With respect to academic emotions and motivation, in the present study, positive academic emotions had a strong positive correlation with both intrinsic and extrinsic motives of reading. This is aligned with the control–value theory of academic emotions (Pekrun, 2006), which suggests that positive emotions enhance intrinsic and extrinsic motivation (King & Gaerlan, 2014; Tan et al., 2021). In addition, negative academic emotions were negatively related to intrinsic and extrinsic motives of reading. The latter is corroborated by Mega et al. (2014), who found that negative emotions, such as anxiety and frustration, can undermine motivation and contribute to disengagement.

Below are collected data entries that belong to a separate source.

(* c u is a factor of s' only if c psi_y(u) y is a factor of s, so left
   special factors of s' come from left special factors of s. *)
Lemma derived_left_special_prefix u : left_special s' u -> is_prefix s' u.
Proof.
have lift c : is_factor s' (c :: u) -> is_factor s (c :: (psi y u ++ [:: y])).
  move=> [k Hk]; rewrite /= factor_atS in Hk; case: Hk => Hc Hk.
  have [_ C2] := psi_factor_at sep (size u) k.+1; rewrite -Hk in C2.
  have pos : 0 < ypos k.+1 by apply: leq_ltn_trans (ypos_lt s k).
  exists (ypos k.+1).-1.
  by rewrite /= size_cat addn1 factor_atS prednK // C2 (derived_prev sep) -Hc.
case=> c [d [cd [Fc Fd]]].
have : is_prefix s (psi y u ++ [:: y]).
  by apply: epi.2; exists c, d; split => //; split; apply: lift.
rewrite /is_prefix size_cat addn1 => P.
by have [T1 _] := psi_preimage (k := 0) (esym P); rewrite /is_prefix T1.
Qed.

Lemma derived_episturmian : standard_episturmian s'.
Proof. by split; [exact: derived_rev_closed | exact: derived_left_special_prefix]. Qed.

(* A period p of s' from N on yields the period ypos(N+p) - ypos N of s. *)
Lemma derived_aperiodic : aperiodic s'.
Proof.
move=> [p [N [p0 Hp]]]; apply: aper.
set P := ypos (N + p) - ypos N.
have shift t : ypos (N + t + p) = ypos (N + t) + P.
  elim: t => [|t IH]; first by rewrite addn0 /P subnKC // ypos_leq // leq_addr.
  have e1 : N + t.+1 + p = (N + t + p).+1 by rewrite addnS addSn.
  by rewrite e1 addnS (yposS _ (N + t + p)) (yposS _ (N + t)) IH Hp ?leq_addr // addnAC.
have P0 : 0 < P by rewrite subn_gt0 ypos_ltn // -{1}(addn0 N) ltn_add2l.
exists P, (ypos N); split => // i hi.
have [k /andP[h1 h2]] := interval_of (erefl (ypos 0)) (ypos_lt s) i.
have kN : N <= k.
  rewrite leqNgt; apply/negP => /(@ypos_leq _ s) h3.
  by move: (leq_trans h3 hi); rewrite leqNgt h2.
have Gk : ypos (k + p) = ypos k + P by rewrite -(subnKC kN) shift.
have := ypos_step s k; rewrite leq_eqVlt ltnS => /orP[/eqP e|h4].
- have : i = ypos k \/ i = (ypos k).+1.
    move: h2; rewrite e ltnS leq_eqVlt ltnS => /orP[/eqP ->|h5]; [by right|left].
    by apply/eqP; rewrite eqn_leq h1 h5.
  case=> ->; first by rewrite -Gk !(ypos_y sep).
  by rewrite addSn -Gk -/(s' (k + p)) Hp.
- have -> : i = ypos k by apply/eqP; rewrite eqn_leq h1 -ltnS (leq_trans h2 h4).
  by rewrite -Gk !(ypos_y sep).
Qed.

End DerivedEpisturmian.

Definition bordered_occurrence (A : finType) (s : nat -> A) (n : nat) (b : A) : Prop :=
  exists i, s i = b /\ factor_at s i.+1 n = factor_at s 0 n /\ s (i.+1 + n) = b.

Lemma palindromic_prefix_last (A : finType) (s : nat -> A) n :
  rev (factor_at s 0 n.+1) = factor_at s 0 n.+1 -> s n = s 0.
Proof.
move=> pal; have := congr1 (nth (s 0) ^~ n) pal.
by rewrite nth_rev size_factor_at // subSS subnn !nth_factor_at.
Qed.

(* A nonempty palindromic prefix w of s ends with y, say at the k-th y; then
   w = psi_y(w') y for the prefix w' of length k of s', and palindromicity and
   bordered occurrences of w descend to w'. *)
Section Descent.
Variable A : finType.
Variable s : nat -> A.
Hypothesis epi : standard_episturmian s.
Hypothesis aper : aperiodic s.
Notation y := (s 0).
Let sep := first_letter_separating epi aper.
Notation s' := (derived s).
Variables n k : nat.
Hypothesis yk : ypos s k = n.

Lemma prefix_as_psi :
  n = size (psi y (factor_at s' 0 k)) /\
  factor_at s 0 n.+1 = psi y (factor_at s' 0 k) ++ [:: y].
Proof.
by have [C1 C2] := psi_factor_at sep k 0; rewrite add0n /= yk in C1 C2; rewrite C1.
Qed.

Lemma derived_palindrome :
  rev (factor_at s 0 n.+1) = factor_at s 0 n.+1 ->
  rev (factor_at s' 0 k) = factor_at s' 0 k.
Proof.
have [sz w_psi] := prefix_as_psi; set w' := factor_at s' 0 k in sz w_psi *.
rewrite w_psi rev_psi => Hrev.
apply: (@psi_preimage_inj _ s _ _ 0 _ Hrev).
have -> : size (psi y (rev w')) = size (psi y w').
  by have := congr1 size Hrev; rewrite !size_cat /= !addn1 => -[].
by rewrite Hrev /= -sz -w_psi.
Qed.

Lemma derived_bordered_occurrence b :
  bordered_occurrence s n.+1 b -> bordered_occurrence s' k b.
Proof.
move=> [i [hi [F hib]]].
have [sz w_psi] := prefix_as_psi; set w' := factor_at s' 0 k in sz w_psi.
have [i' [yi' di']] : exists i', ypos s i'.+1 = i.+1 /\ s' i' = b.
  rewrite -hi; apply: ypos_preceding => //.
  by have := congr1 (nth y ^~ 0) F; rewrite !nth_factor_at // addn0.
have [T1 T2] : factor_at s' i'.+1 (size w') = w' /\
               ypos s (i'.+1 + size w') = ypos s i'.+1 + size (psi y w').
  by apply: psi_preimage; rewrite yi' -sz F.
rewrite size_factor_at in T1 T2.
exists i'; split => //; split => //.
by rewrite /derived T2 yi' -sz -addnS.
Qed.

End Descent.

(* By induction on n:
   the base case is no_square_letter, and the inductive step descends to the
   derived word, which is again aperiodic standard episturmian. *)
Theorem no_bordered_occurrence (A : finType) n (s : nat -> A) b :
  standard_episturmian s -> aperiodic s ->
  rev (factor_at s 0 n) = factor_at s 0 n -> s n != b ->
  ~ bordered_occurrence s n b.
Proof.
elim/ltn_ind: n s b => -[|n] IH s b epi aper pal hb.
  move=> [i [hi [_ hib]]]; rewrite addn0 in hib.
  by apply: (no_square_letter epi aper _ hi hib); rewrite eq_sym.
have [k yk] := ypos_onto (palindromic_prefix_last pal).
move=> /(derived_bordered_occurrence epi aper yk).
apply: (IH k _ _ b (derived_episturmian epi aper) (derived_aperiodic epi aper)).
- by rewrite ltnS -yk ypos_ge.
- exact: (derived_palindrome epi aper yk pal).
- by rewrite /derived yk.
Qed.

(* Two occurrences of the prefix w of s followed by different letters make
   rev w left special, hence a prefix: w is a palindrome. *)
Lemma right_special_prefix_palindrome (A : finType) (s : nat -> A) P L :
  standard_episturmian s ->
  factor_at s P L = factor_at s 0 L -> s (P + L) != s L ->
  rev (factor_at s 0 L) = factor_at s 0 L.
Proof.
move=> epi wP hL; set w := factor_at s 0 L in wP *.
have occ j : factor_at s j L = w -> is_factor s (s (j + L) :: rev w).
  move=> hj; rewrite -rev_rcons; apply: epi.1.
  by exists j; rewrite size_rcons size_factor_at -hj factor_at_rcons.
have : is_prefix s (rev w).
  apply: epi.2; exists (s L), (s (P + L)); split; first by apply/eqP; rewrite eq_sym.
  by split; [have := occ 0 erefl; rewrite add0n | exact: occ].
by rewrite /is_prefix size_rev size_factor_at.
Qed.

Lemma first_mismatch (A : finType) (s : nat -> A) P : aperiodic s -> 0 < P ->
  exists L, s (P + L) != s L /\ forall t, t < L -> s (P + t) = s t.
Proof.
move=> aper P0.
have [L0 hL0] : exists L, s (P + L) != s L.
  apply: NNPP => H; apply: aper; exists P, 0; split => // n _.
  by apply: NNPP => /eqP h; apply: H; exists n; rewrite addnC.
case: (ex_minnP (ex_intro (fun L => s (P + L) != s L) L0 hL0)) => L hL minL.
exists L; split => // t ht.
by apply/eqP; apply: contraTT ht => /minL; rewrite -leqNgt.
Qed.

Section PrefixFactorization.
Variable A : finType.
Variable s : nat -> A.
Hypothesis epi : standard_episturmian s.
Hypothesis aper : aperiodic s.
Variable Vs : nat -> seq A.
Hypothesis fact : is_factorization s Vs.
Hypothesis prefixes : forall n, Vs n = factor_at s 0 (size (Vs n)).
Variable a : A.
Hypothesis ends_with_a : forall n, s (cut_pos Vs n.+1).-1 = a.
Notation p := (cut_pos Vs).

Lemma cut_pos_lt n : p n < p n.+1.
Proof.
by rewrite /= -{1}(addn0 (p n)) ltn_add2l lt0n size_eq0; apply/eqP; exact: fact.1.
Qed.

Lemma block_letter n t : t < size (Vs n) -> s (p n + t) = s t.
Proof.
move=> ht; have := fact.2 n; rewrite {1}prefixes => /factor_at_eqP/(_ t ht).
by rewrite add0n.
Qed.

(* Let P = |V_0| and L be the first mismatch of s with its shift by P.  The
   prefix w of length L is a palindrome that occurs at P preceded by a (the
   last letter of V_0) and, looking at the block containing P + L, followed
   by a as well: a w a is a bordered occurrence, which is impossible. *)
Lemma no_prefix_factorization_with_same_last_letter : False.
Proof.
set P := p 1; have P0 : 0 < P := cut_pos_lt 0.
have [L [hL agree]] := first_mismatch aper P0.
have wP : factor_at s P L = factor_at s 0 L by apply/factor_at_eqP => t /agree.
have pal := right_special_prefix_palindrome epi wP hL.
have [m /andP[m1 m2]] := interval_of (erefl (p 0)) cut_pos_lt (P + L).
have lt1m : 1 < m.
  case: m m1 m2 => [|[|m]] // m1 m2.
    by move: (leq_ltn_trans (leq_addr L P) m2); rewrite ltnn.
  by move: m2 hL; rewrite /= -/P ltn_add2l => /block_letter ->; rewrite eqxx.
have pmP : P < p m by apply: homo_ltn ltn_trans cut_pos_lt _ _ lt1m.
set d := p m - P.
have shifted : s (P + L) = s (L - d).
  have e : P + L = p m + (L - d) by rewrite /d; lia.
  by rewrite e block_letter // -(ltn_add2l (p m)) -e.
have ea : s (L - d) = a.
  have mirror : s d.-1 = s (L - d).
    have := congr1 (nth (s 0) ^~ d.-1) pal.
    rewrite nth_rev ?size_factor_at ?nth_factor_at ?add0n; try lia.
    by move=> <-; congr (s _); lia.
  have last_m : s (p m).-1 = a by rewrite -(prednK (ltnW lt1m)) ends_with_a.
  by rewrite -mirror -agree; [rewrite -last_m; congr (s _); lia | lia].
apply: (no_bordered_occurrence (b := a) epi aper pal).
- by rewrite -ea -shifted eq_sym.
- exists P.-1; rewrite prednK //; split; first exact: ends_with_a 0.
  by split; [exact: wP | rewrite -ea -shifted].
Qed.

End PrefixFactorization.

Lemma last_block (A : finType) (s : nat -> A) (Vs : nat -> seq A) x0 n :
  is_factorization s Vs -> last x0 (Vs n) = s (cut_pos Vs n.+1).-1.
Proof.
move=> [ne blocks]; have sz : 0 < size (Vs n) by rewrite lt0n size_eq0; apply/eqP.
rewrite blocks -(prednK sz) factor_at_rcons last_rcons /=.
by congr (s _); lia.
Qed.

Definition prefix_coloring (A : finType) (s : nat -> A) (B : {set A}) (V : seq A) : nat :=
  if (V == factor_at s 0 (size V)) && (V != [::])
  then (index (last (s 0) V) (enum B)).+1 else 0.

Section Coloring.
Variable A : finType.
Variable s : nat -> A.
Variable B : {set A}.
Hypothesis letters_in_B : forall n, s n \in B.
Notation c := (prefix_coloring s B).

Lemma last_factor_in_B i n : last (s 0) (factor_at s i n.+1) \in enum B.
Proof. by rewrite mem_enum factor_at_rcons last_rcons. Qed.

Lemma prefix_coloring_bound V : is_factor s V -> V <> [::] -> c V <= #|B|.
Proof.
move=> [i Hi] nV; rewrite /prefix_coloring; case: ifP => // _.
case: (size V) Hi => [|n] Hi; first by rewrite Hi in nV.
by rewrite Hi cardE index_mem last_factor_in_B.
Qed.

Lemma prefix_coloring_prefix V : c V != 0 -> V = factor_at s 0 (size V).
Proof. by rewrite /prefix_coloring; case: ifP => // /andP[/eqP]. Qed.

Lemma prefix_coloring_last U V : c U != 0 -> c U = c V -> last (s 0) U = last (s 0) V.
Proof.
have inB W : c W != 0 -> last (s 0) W \in enum B.
  rewrite /prefix_coloring; case: ifP => // /andP[/eqP eW nW] _.
  by move: eW nW; case: (size W) => [|n] -> // _; exact: last_factor_in_B.
move=> cU eUV; have cV : c V != 0 by rewrite -eUV.
rewrite -(nth_index (s 0) (inB _ cU)) -(nth_index (s 0) (inB _ cV)).
move: eUV cU cV; rewrite /prefix_coloring.
by case: ifP => // _; case: ifP => // _ [->].
Qed.

End Coloring.

Theorem mainTheorem10 (A : finType) (s : nat -> A) (B : {set A}) :
  standard_episturmian s -> aperiodic s ->
  (forall a : A, a \in B <-> exists n, s n = a) ->
  exists c : seq A -> nat,
    (forall V, is_factor s V -> V <> [::] -> c V <= #|B|) /\
    (forall Vs : nat -> seq A, is_factorization s Vs ->
       exists i j, c (Vs i) <> c (Vs j)).
Proof.
move=> epi aper HB; have inB n : s n \in B by apply/HB; exists n.
exists (prefix_coloring s B); split; first exact: prefix_coloring_bound.
move=> Vs fact; apply: NNPP => monochromatic.
have same_color n : prefix_coloring s B (Vs n) = prefix_coloring s B (Vs 0).
  by apply: NNPP => h; apply: monochromatic; exists n, 0.
have c0 : prefix_coloring s B (Vs 0) != 0.
  have V0 : Vs 0 = factor_at s 0 (size (Vs 0)) by rewrite {1}(fact.2 0).
  by rewrite /prefix_coloring -V0 eqxx; case: (Vs 0) (fact.1 0).
have prefixes n : Vs n = factor_at s 0 (size (Vs n)).
  by apply: (prefix_coloring_prefix (B := B)); rewrite same_color.
apply: (no_prefix_factorization_with_same_last_letter epi aper fact prefixes
          (a := last (s 0) (Vs 0))) => n.
have same_last := prefix_coloring_last inB c0 (esym (same_color n)).
by rewrite -(last_block (s 0) _ fact) same_last.
Qed.
Definition init (w : nat) : nat := Enter (p1 w) (p2 w) 0.
Definition run (w n : nat) : nat := Nat.iter n step (init w).
Definition running (s : nat) : nat := match p1 s with 0 | 1 => 1 | _ => 0 end.

Lemma running_Halt v : running (Halt v) = 0.
Proof. unfold running, Halt. now rewrite p1_pair. Qed.

Lemma step_stopped s : running s = 0 -> step s = s.
Proof. unfold running, step. now destruct (p1 s) as [|[|]]. Qed.

Lemma run_stopped w n m : running (run w n) = 0 -> n <= m -> run w m = run w n.
Proof.
  intros Hn. induction 1 as [|m _ IH]; [reflexivity|].
  unfold run in *. now rewrite Nat.iter_succ, IH, step_stopped.
Qed.

Lemma run_halts c z y : runs c z y -> exists n, run (pair (encode c) z) n = Halt y.
Proof.
  intros [k Hk]. destruct (machine_simulates k c z y 0 Hk) as [n Hn].
  exists (S n). unfold run, init. now rewrite p1_pair, p2_pair, Nat.iter_succ, Hn, step_return_halt.
Qed.

Lemma interpreter_exists : exists i, forall c z y, runs c z y -> runs i (pair (encode c) z) y.
Proof.
  assert (Hstop : computable (fun q => running (run (p1 q) (p2 q))))
    by (unfold running, run, init, Enter; solve_computable; exact computable_step).
  assert (Hout : computable (fun q => p2 (run (p1 q) (p2 q))))
    by (unfold run, init, Enter; solve_computable; exact computable_step).
  destruct Hstop as [cstop Hcstop], Hout as [cout Hcout].
  exists (CComp cout (CPair CId (CMu cstop))). intros c z y Hc.
  set (w := pair (encode c) z).
  destruct (run_halts c z y Hc) as [N HN]; fold w in HN.
  destruct (dec_inh_nat_subset_has_unique_least_element (fun n => running (run w n) = 0))
    as [n [[Hn Hleast] _]].
  { intro n. apply Nat.eq_decidable. }
  { exists N. rewrite HN. apply running_Halt. }
  assert (Hrun : run w n = Halt y).
  { rewrite <- HN. symmetry. apply run_stopped; [exact Hn|].
    apply Hleast. rewrite HN. apply running_Halt. }
  apply (runs_comp _ _ _ (pair w n)).
  - apply runs_pair; [now exists 1|].
    apply (runs_mu _ _ _ _ Hcstop); rewrite ?p1_pair, ?p2_pair; [exact Hn|].
    intros j Hj Hzero. rewrite p1_pair, p2_pair in Hzero. specialize (Hleast j Hzero). lia.
  - specialize (Hcout (pair w n)). rewrite p1_pair, p2_pair, Hrun in Hcout.
    unfold Halt in Hcout. now rewrite p2_pair in Hcout.
Qed.
(* Let $G$ be a finite group. Then (1) $\mathrm{MinDim}(G)\leq \mathrm{MinInt}(G)$; and (2) $\mathrm{MaxDim}(G)\leq \mathrm{MaxInt}(G)$.
   Context: A subgroup $H$ of a finite group $G$ is a maximal intersection in $G$ if $H=M_1\cap\dots\cap M_t$ for some maximal subgroups $M_1,\dots,M_t$ of $G$ ($t\ge 1$). Let $\mathcal M(G)$ be the poset (under inclusion) consisting of $G$ and all maximal intersections in $G$. A set $\mathcal X$ of maximal subgroups of $G$ is irredundant if the intersection of the members of $\mathcal X$ is not equal to the intersection of the members of any proper subset of $\mathcal X$. $\mathrm{MaxDim}(G)$ is the maximal size of an irredundant set of maximal subgroups of $G$. An irredundant set is maximal irredundant if it is not properly contained in any other irredundant set of maximal subgroups; $\mathrm{MinDim}(G)$ is the minimal size of a maximal irredundant set. An unrefinable chain in $\mathcal M(G)$ is a chain $K_t<K_{t-1}<\dots<K_0$ of elements of $\mathcal M(G)$ to which no further element of $\mathcal M(G)$ can be added (so it runs from the Frattini subgroup $\Phi(G)$ to $G$ with no element of $\mathcal M(G)$ strictly between consecutive terms); its length is $t$. $\mathrm{MinInt}(G)$ and $\mathrm{MaxInt}(G)$ denote the minimal and the maximal length of an unrefinable chain in $\mathcal M(G)$. *)

From mathcomp Require Import all_boot all_fingroup all_solvable.

Set Implicit Arguments.
Unset Strict Implicit.
Unset Printing Implicit Defensive.

Local Open Scope group_scope.

Section MaxIntersections.
Variable gT : finGroupType.
Implicit Types (G : {group gT}) (X Y C : {set {set gT}}) (H : {set gT}).

Definition maxsubs G : {set {set gT}} := [set M : {set gT} | maximal M G].

(* Intersection of a family of maximal subgroups of G, taken inside G
   (so the empty family has intersection G). *)
Definition capG G X : {set gT} := G :&: \bigcap_(M in X) M.

Definition irredundant G X :=
  (X \subset maxsubs G) &&
  [forall Y : {set {set gT}}, (Y \proper X) ==> (capG G Y != capG G X)].

Definition max_irredundant G X :=
  irredundant G X &&
  [forall Y : {set {set gT}}, (X \proper Y) ==> ~~ irredundant G Y].

Definition max_intersection G H :=
  [exists X : {set {set gT}},
     [&& X \subset maxsubs G, X != set0 & H == \bigcap_(M in X) M]].

Definition MG G : {set {set gT}} := (G : {set gT}) |: [set H | max_intersection G H].

Definition is_chain C :=
  [forall H1 in C, forall H2 in C, (H1 \subset H2) || (H2 \subset H1)].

4.3. Reading Motivation, Learning Strategies, and Reading Comprehension

Regarding motivation, learning strategies, and reading comprehension, intrinsic reading motivation was positively correlated with in-depth learning strategies, a finding consistent with the existing literature. For example, Šabec (2022) identified several factors contributing to students’ success in reading comprehension, emphasizing the role of intrinsic motivation and the implementation of effective reading strategies in primary school classrooms. Conversely, extrinsic reading motivation was positively correlated with both in-depth learning strategies and surface learning strategies, aligning with Deci and Ryan’s (2000) self-determination theory, which suggests that extrinsic motivation can influence both deep and surface learning behaviors depending on the learner’s perceived autonomy.
The negative correlation between the absence of learning strategies and reading comprehension supports previous research indicating that students who do not utilize structured learning strategies often struggle with reading comprehension tasks (Pintrich, 2004). Additionally, the weak yet significant positive relationship between deep learning strategies and reading comprehension is consistent with studies suggesting that deep learning strategies can improve comprehension, though their effectiveness may be influenced by other cognitive and metacognitive factors (Magnusson et al., 2019).
Finally, a notable finding was the weak correlation between extrinsic motives of reading and reading comprehension, indicating that external rewards alone may not substantially improve reading comprehension. This finding is in accordance with previous research suggesting that while extrinsic motivation can promote engagement, it is generally less effective in facilitating deeper cognitive processing (Guthrie et al., 2012). On the other hand, the positive correlation between intrinsic motives of reading and reading comprehension supports the idea that intrinsic motivation fosters deeper interactions with reading materials, ultimately enhancing comprehension outcomes (Schiefele, 2009).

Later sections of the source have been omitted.